YOUR OBJECTIVE:
Every line below from the one containing "have : lam *" through the one containing "(forall z, ((f" must be transcribed exactly. Omit all lines outside that stretch.

DATA FOR THIS TASK:
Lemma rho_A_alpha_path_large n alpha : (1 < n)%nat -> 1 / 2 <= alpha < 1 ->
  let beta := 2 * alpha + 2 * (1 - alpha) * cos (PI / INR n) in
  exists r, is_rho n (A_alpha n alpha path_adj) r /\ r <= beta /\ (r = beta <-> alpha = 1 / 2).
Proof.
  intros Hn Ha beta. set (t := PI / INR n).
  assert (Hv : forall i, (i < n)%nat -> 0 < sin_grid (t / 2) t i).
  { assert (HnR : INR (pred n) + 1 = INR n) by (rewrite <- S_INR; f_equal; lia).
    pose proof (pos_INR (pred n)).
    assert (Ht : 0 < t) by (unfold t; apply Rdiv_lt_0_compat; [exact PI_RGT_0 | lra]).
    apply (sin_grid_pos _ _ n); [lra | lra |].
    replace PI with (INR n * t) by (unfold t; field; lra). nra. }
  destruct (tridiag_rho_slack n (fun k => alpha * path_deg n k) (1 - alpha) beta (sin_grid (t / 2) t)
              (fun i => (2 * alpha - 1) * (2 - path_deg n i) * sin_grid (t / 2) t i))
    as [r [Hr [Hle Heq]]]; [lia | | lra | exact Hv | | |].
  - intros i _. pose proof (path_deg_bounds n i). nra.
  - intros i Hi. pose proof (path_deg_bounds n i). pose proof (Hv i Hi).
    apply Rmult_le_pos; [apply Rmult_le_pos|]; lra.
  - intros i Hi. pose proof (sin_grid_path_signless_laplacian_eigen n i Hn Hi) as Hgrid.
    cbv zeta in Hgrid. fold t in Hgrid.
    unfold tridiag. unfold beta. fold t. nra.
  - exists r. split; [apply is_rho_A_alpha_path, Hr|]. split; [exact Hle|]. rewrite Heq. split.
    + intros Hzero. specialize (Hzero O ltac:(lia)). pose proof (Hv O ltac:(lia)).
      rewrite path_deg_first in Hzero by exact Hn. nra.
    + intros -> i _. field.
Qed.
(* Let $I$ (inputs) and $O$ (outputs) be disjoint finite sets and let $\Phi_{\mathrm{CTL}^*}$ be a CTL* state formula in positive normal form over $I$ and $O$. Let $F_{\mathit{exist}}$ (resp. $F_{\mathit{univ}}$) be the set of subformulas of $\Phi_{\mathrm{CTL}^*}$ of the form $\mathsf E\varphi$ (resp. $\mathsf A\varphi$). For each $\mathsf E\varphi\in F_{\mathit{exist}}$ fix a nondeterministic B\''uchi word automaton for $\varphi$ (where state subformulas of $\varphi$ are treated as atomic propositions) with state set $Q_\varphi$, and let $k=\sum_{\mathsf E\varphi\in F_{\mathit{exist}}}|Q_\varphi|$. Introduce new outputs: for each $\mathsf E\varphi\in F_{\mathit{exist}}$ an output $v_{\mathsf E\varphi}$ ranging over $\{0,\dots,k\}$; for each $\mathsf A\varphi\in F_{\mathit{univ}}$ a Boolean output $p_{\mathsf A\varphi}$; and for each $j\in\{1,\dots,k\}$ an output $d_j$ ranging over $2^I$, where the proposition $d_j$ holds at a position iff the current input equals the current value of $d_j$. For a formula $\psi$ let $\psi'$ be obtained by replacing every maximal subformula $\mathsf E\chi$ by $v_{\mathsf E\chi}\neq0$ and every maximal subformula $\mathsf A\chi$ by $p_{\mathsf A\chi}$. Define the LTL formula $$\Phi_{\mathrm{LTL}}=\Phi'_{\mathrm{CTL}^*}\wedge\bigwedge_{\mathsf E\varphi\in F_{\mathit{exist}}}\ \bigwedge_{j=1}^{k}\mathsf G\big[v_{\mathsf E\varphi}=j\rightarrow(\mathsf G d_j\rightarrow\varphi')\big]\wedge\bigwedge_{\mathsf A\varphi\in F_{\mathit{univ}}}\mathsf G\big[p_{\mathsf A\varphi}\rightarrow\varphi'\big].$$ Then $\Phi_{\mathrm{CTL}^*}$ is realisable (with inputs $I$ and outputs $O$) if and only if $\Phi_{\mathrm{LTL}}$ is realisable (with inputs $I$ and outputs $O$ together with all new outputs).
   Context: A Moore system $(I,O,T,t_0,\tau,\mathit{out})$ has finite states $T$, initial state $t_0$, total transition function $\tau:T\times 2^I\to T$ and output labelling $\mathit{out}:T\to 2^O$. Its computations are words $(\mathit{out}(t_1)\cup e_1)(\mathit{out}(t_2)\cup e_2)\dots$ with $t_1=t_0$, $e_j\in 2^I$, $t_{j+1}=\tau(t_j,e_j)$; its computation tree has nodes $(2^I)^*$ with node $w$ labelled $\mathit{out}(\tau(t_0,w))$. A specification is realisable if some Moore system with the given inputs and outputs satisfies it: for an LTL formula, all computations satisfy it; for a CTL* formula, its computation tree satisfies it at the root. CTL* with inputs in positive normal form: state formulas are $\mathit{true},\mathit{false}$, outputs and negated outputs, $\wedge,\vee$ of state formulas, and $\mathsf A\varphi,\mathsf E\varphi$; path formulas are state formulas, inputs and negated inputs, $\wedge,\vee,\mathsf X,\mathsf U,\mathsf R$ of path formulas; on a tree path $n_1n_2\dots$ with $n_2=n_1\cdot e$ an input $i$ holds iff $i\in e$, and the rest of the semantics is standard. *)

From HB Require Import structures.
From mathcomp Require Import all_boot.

--

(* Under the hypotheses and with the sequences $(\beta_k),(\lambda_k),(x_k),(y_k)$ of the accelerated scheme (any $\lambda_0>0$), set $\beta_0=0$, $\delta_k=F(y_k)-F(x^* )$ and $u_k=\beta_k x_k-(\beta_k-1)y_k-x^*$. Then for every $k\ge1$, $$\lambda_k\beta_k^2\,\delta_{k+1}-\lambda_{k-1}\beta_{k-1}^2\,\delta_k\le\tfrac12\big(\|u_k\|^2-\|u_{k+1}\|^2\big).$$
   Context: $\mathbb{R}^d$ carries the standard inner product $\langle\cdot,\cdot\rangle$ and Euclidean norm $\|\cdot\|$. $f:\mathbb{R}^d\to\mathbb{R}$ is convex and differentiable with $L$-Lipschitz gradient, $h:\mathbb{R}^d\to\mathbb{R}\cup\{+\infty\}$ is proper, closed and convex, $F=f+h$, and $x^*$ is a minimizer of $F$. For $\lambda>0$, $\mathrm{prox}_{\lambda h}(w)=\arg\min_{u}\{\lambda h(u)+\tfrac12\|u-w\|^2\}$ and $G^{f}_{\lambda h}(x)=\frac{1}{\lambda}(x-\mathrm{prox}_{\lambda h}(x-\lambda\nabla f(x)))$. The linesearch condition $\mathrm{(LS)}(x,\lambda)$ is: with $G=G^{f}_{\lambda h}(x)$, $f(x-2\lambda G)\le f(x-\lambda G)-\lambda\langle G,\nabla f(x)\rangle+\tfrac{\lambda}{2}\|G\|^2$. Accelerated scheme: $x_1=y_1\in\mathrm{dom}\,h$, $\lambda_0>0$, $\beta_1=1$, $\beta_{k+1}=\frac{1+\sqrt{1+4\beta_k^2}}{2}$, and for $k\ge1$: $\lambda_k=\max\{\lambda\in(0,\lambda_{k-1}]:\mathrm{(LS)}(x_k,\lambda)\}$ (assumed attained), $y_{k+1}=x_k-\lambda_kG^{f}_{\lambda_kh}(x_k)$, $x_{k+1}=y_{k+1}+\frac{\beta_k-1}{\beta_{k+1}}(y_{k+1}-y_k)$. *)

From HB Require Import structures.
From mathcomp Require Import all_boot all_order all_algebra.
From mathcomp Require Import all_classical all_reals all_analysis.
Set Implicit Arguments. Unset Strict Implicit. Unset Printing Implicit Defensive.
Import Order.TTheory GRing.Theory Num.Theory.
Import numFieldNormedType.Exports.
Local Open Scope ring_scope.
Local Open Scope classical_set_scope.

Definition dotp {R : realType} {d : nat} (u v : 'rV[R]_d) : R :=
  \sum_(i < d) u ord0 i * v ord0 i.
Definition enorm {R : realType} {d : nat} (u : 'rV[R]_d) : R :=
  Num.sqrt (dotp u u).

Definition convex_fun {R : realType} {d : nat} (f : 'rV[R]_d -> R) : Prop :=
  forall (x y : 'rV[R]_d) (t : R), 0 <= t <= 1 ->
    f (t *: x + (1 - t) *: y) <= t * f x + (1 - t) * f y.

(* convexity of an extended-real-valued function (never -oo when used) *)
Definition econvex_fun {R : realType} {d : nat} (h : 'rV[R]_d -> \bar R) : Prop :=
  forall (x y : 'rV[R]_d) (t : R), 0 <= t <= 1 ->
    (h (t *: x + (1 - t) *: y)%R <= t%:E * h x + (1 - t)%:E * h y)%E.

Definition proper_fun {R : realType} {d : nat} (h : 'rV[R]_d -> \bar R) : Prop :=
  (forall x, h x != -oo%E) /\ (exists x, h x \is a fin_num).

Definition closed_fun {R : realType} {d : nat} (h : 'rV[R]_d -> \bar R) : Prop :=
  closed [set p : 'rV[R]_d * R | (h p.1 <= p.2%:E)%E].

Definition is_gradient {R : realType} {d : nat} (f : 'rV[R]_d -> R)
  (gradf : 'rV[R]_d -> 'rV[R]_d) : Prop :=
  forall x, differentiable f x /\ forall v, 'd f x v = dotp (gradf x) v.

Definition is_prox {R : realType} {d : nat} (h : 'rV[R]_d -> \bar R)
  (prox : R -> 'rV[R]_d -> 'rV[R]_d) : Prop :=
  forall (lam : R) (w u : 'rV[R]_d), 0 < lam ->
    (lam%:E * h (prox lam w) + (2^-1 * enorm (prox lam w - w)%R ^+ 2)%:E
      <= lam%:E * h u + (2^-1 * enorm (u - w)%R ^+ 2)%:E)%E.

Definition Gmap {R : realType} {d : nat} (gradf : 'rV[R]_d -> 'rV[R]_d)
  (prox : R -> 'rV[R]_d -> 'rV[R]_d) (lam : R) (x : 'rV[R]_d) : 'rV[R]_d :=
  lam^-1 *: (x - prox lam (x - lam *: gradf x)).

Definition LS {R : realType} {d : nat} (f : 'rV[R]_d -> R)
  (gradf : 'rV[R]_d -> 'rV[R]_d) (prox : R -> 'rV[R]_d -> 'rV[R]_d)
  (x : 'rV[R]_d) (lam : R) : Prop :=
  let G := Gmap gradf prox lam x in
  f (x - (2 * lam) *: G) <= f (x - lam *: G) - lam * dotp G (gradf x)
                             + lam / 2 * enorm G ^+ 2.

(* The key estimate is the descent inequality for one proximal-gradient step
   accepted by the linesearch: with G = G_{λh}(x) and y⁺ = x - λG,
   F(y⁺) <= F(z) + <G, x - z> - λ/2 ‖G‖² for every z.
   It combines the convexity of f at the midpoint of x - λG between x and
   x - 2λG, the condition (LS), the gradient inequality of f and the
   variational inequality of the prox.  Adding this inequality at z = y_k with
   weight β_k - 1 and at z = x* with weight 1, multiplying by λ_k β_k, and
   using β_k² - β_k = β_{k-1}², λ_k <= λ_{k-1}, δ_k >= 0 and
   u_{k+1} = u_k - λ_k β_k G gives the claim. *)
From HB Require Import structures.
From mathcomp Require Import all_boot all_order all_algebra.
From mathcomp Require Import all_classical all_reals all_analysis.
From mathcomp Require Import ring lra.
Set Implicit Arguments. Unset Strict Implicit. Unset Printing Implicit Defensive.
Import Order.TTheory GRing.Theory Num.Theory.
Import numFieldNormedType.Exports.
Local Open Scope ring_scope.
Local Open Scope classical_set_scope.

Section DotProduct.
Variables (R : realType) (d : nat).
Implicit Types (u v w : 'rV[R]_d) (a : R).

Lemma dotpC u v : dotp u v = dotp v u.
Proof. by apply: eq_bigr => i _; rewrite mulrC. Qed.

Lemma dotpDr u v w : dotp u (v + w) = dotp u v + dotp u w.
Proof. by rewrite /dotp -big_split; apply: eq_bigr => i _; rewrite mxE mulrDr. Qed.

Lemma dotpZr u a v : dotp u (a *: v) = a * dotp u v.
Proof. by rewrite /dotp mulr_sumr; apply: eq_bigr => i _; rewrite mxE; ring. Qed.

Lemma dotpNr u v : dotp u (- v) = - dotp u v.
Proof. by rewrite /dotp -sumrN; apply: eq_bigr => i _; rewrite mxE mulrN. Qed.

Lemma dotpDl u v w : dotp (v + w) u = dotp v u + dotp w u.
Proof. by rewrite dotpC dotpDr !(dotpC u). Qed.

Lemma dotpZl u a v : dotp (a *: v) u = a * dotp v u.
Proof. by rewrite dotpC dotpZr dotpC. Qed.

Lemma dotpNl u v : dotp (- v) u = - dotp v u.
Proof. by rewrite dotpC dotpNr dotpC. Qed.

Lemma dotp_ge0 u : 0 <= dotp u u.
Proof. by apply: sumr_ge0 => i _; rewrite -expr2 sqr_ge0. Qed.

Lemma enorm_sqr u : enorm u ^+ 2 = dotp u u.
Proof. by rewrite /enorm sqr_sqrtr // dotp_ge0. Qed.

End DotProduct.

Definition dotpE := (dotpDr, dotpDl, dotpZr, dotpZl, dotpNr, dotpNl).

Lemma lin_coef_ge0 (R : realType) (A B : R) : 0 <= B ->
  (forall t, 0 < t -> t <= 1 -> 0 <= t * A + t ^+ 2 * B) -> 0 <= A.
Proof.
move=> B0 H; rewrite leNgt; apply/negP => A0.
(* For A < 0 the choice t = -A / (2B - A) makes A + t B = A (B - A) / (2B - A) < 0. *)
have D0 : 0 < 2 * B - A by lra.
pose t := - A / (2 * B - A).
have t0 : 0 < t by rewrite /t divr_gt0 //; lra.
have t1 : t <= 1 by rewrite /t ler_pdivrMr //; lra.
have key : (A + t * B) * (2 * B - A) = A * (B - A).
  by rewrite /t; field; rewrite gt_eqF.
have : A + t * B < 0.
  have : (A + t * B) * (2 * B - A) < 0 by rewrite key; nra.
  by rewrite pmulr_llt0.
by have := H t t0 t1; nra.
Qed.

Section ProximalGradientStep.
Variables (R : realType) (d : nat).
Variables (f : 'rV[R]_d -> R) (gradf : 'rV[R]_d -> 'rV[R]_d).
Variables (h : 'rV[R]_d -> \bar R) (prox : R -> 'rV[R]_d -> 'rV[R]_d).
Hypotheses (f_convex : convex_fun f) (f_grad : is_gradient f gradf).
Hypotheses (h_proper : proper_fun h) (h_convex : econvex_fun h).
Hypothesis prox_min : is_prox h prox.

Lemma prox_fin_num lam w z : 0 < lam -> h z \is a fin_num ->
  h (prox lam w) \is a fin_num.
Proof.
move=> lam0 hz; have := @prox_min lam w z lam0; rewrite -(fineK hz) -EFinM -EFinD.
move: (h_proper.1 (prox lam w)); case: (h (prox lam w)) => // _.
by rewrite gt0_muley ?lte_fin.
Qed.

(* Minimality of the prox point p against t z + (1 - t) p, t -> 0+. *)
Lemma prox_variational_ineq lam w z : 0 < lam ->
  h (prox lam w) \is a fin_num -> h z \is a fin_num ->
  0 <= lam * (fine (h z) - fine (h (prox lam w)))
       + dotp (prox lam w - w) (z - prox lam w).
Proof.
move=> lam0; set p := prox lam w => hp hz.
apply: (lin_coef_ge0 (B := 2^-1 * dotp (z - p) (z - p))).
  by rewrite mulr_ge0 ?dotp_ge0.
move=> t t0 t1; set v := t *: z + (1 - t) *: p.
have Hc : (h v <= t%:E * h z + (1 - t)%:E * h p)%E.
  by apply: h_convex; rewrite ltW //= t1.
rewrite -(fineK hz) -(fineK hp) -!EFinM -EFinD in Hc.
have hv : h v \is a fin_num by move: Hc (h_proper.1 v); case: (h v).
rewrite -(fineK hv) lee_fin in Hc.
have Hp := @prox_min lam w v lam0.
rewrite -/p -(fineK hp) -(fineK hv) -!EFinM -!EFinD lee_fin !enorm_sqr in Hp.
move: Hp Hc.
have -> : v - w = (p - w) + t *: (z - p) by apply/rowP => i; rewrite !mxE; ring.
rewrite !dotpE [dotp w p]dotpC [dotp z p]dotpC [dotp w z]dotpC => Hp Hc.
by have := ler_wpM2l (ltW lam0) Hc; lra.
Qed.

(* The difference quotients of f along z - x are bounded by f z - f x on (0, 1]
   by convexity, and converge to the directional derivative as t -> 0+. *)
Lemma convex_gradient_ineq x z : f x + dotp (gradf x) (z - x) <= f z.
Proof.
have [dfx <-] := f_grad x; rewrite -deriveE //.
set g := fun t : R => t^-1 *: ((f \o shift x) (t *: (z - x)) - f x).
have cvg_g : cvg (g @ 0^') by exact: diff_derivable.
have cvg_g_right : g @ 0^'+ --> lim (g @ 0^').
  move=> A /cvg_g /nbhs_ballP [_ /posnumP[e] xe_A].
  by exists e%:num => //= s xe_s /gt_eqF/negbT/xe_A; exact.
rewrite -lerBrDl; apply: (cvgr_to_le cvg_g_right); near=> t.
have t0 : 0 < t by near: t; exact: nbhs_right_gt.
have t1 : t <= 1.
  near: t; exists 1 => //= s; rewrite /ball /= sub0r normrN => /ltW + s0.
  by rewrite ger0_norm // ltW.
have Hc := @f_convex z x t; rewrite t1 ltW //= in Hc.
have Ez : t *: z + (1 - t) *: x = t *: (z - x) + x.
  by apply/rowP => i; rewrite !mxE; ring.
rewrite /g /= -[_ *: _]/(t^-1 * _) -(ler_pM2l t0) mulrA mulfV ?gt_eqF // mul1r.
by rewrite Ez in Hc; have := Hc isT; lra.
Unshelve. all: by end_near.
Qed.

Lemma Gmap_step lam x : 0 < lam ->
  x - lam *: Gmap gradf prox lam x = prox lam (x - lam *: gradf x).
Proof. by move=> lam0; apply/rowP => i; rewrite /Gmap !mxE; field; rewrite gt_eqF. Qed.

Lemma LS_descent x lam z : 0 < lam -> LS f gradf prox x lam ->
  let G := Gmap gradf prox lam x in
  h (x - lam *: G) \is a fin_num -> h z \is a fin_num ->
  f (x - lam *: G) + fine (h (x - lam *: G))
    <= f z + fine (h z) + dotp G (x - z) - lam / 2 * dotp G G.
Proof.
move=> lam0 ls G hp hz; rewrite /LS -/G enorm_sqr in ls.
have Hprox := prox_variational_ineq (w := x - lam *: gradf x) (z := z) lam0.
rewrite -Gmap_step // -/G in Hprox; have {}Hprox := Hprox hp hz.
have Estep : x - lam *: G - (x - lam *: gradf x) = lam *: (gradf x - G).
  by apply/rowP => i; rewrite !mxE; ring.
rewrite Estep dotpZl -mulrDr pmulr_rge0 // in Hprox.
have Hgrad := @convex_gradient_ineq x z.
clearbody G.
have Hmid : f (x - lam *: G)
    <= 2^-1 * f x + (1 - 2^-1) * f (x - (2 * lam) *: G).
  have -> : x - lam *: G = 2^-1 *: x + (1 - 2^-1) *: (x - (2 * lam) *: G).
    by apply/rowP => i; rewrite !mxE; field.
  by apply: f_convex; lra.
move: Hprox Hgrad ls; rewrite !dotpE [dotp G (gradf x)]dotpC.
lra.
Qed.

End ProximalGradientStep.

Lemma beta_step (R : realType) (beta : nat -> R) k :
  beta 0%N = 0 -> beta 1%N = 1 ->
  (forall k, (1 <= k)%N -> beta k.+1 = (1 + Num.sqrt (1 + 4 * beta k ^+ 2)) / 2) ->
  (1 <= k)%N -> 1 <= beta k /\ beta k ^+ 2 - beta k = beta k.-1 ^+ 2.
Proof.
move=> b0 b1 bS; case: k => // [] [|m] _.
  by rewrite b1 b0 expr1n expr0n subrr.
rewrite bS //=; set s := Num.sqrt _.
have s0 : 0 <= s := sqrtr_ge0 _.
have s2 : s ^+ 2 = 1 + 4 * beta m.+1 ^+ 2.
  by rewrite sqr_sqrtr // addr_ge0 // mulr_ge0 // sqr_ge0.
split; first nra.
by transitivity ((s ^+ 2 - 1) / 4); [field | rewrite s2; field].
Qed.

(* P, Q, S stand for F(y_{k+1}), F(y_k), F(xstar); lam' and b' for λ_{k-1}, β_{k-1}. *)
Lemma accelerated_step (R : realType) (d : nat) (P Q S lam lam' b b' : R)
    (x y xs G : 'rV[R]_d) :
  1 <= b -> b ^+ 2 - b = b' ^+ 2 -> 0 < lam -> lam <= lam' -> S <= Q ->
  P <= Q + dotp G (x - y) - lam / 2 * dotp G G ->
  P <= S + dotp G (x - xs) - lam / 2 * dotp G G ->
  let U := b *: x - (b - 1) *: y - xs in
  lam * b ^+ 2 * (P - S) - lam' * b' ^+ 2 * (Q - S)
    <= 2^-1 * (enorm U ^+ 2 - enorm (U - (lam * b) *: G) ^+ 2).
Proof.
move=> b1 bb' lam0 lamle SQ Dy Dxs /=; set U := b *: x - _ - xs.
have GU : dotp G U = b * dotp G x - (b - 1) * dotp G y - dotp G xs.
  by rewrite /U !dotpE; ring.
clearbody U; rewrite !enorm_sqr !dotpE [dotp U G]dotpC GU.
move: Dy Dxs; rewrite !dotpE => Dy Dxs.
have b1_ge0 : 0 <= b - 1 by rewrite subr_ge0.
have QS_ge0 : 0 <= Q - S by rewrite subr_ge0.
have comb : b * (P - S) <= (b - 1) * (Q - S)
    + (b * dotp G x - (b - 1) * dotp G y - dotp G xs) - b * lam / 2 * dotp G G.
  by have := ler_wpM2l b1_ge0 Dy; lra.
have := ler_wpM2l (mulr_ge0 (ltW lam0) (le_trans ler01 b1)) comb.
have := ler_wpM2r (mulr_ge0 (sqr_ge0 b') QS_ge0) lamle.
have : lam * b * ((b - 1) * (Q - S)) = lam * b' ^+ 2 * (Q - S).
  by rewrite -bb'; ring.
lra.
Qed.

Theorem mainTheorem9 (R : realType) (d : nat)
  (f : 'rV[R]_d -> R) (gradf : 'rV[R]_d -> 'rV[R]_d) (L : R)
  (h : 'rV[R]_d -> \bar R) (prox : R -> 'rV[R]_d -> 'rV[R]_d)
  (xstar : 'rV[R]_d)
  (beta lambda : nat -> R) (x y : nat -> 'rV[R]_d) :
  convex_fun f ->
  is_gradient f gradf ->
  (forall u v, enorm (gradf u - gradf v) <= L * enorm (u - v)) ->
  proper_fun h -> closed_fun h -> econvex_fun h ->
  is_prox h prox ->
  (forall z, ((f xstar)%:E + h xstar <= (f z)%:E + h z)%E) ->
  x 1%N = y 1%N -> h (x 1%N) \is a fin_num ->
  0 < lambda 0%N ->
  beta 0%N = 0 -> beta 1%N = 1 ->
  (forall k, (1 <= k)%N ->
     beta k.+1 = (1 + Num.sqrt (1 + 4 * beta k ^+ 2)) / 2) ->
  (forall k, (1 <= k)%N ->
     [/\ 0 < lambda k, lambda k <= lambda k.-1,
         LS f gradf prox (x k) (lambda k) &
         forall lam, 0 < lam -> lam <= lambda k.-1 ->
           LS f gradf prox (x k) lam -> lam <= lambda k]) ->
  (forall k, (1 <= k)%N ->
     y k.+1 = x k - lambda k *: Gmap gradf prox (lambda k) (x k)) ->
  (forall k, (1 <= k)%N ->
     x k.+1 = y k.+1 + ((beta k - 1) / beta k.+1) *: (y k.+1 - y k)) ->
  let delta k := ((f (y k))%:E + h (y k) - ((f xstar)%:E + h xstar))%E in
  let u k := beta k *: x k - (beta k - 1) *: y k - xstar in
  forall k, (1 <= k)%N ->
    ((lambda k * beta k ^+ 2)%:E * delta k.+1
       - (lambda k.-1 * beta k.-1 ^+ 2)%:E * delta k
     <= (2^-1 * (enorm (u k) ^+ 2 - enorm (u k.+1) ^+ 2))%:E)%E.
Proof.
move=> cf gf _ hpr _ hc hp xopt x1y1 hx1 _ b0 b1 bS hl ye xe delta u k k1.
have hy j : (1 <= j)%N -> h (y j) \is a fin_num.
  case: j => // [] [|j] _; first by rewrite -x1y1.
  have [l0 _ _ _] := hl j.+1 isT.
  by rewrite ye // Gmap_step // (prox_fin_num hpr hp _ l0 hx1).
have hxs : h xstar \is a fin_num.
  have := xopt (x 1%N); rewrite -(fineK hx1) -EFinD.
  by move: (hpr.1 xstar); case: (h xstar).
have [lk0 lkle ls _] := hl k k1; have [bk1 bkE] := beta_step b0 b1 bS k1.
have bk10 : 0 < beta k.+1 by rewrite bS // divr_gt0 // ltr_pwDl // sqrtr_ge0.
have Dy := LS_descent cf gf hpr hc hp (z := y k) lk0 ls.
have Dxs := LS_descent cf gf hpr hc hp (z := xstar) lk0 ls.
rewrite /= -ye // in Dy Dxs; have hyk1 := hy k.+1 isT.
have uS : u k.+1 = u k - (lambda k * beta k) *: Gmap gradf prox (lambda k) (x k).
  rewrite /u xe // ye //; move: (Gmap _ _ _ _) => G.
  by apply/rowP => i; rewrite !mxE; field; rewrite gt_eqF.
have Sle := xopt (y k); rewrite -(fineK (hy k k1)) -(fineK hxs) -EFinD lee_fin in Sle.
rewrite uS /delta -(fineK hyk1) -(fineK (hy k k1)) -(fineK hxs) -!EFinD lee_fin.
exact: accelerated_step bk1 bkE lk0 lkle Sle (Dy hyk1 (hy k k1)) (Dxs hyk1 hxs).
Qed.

OUTPUT OF THE EXERCISE:
have : lam * b * ((b - 1) * (Q - S)) = lam * b' ^+ 2 * (Q - S).
  by rewrite -bb'; ring.
lra.
Qed.

Theorem mainTheorem9 (R : realType) (d : nat)
  (f : 'rV[R]_d -> R) (gradf : 'rV[R]_d -> 'rV[R]_d) (L : R)
  (h : 'rV[R]_d -> \bar R) (prox : R -> 'rV[R]_d -> 'rV[R]_d)
  (xstar : 'rV[R]_d)
  (beta lambda : nat -> R) (x y : nat -> 'rV[R]_d) :
  convex_fun f ->
  is_gradient f gradf ->
  (forall u v, enorm (gradf u - gradf v) <= L * enorm (u - v)) ->
  proper_fun h -> closed_fun h -> econvex_fun h ->
  is_prox h prox ->
  (forall z, ((f xstar)%:E + h xstar <= (f z)%:E + h z)%E) ->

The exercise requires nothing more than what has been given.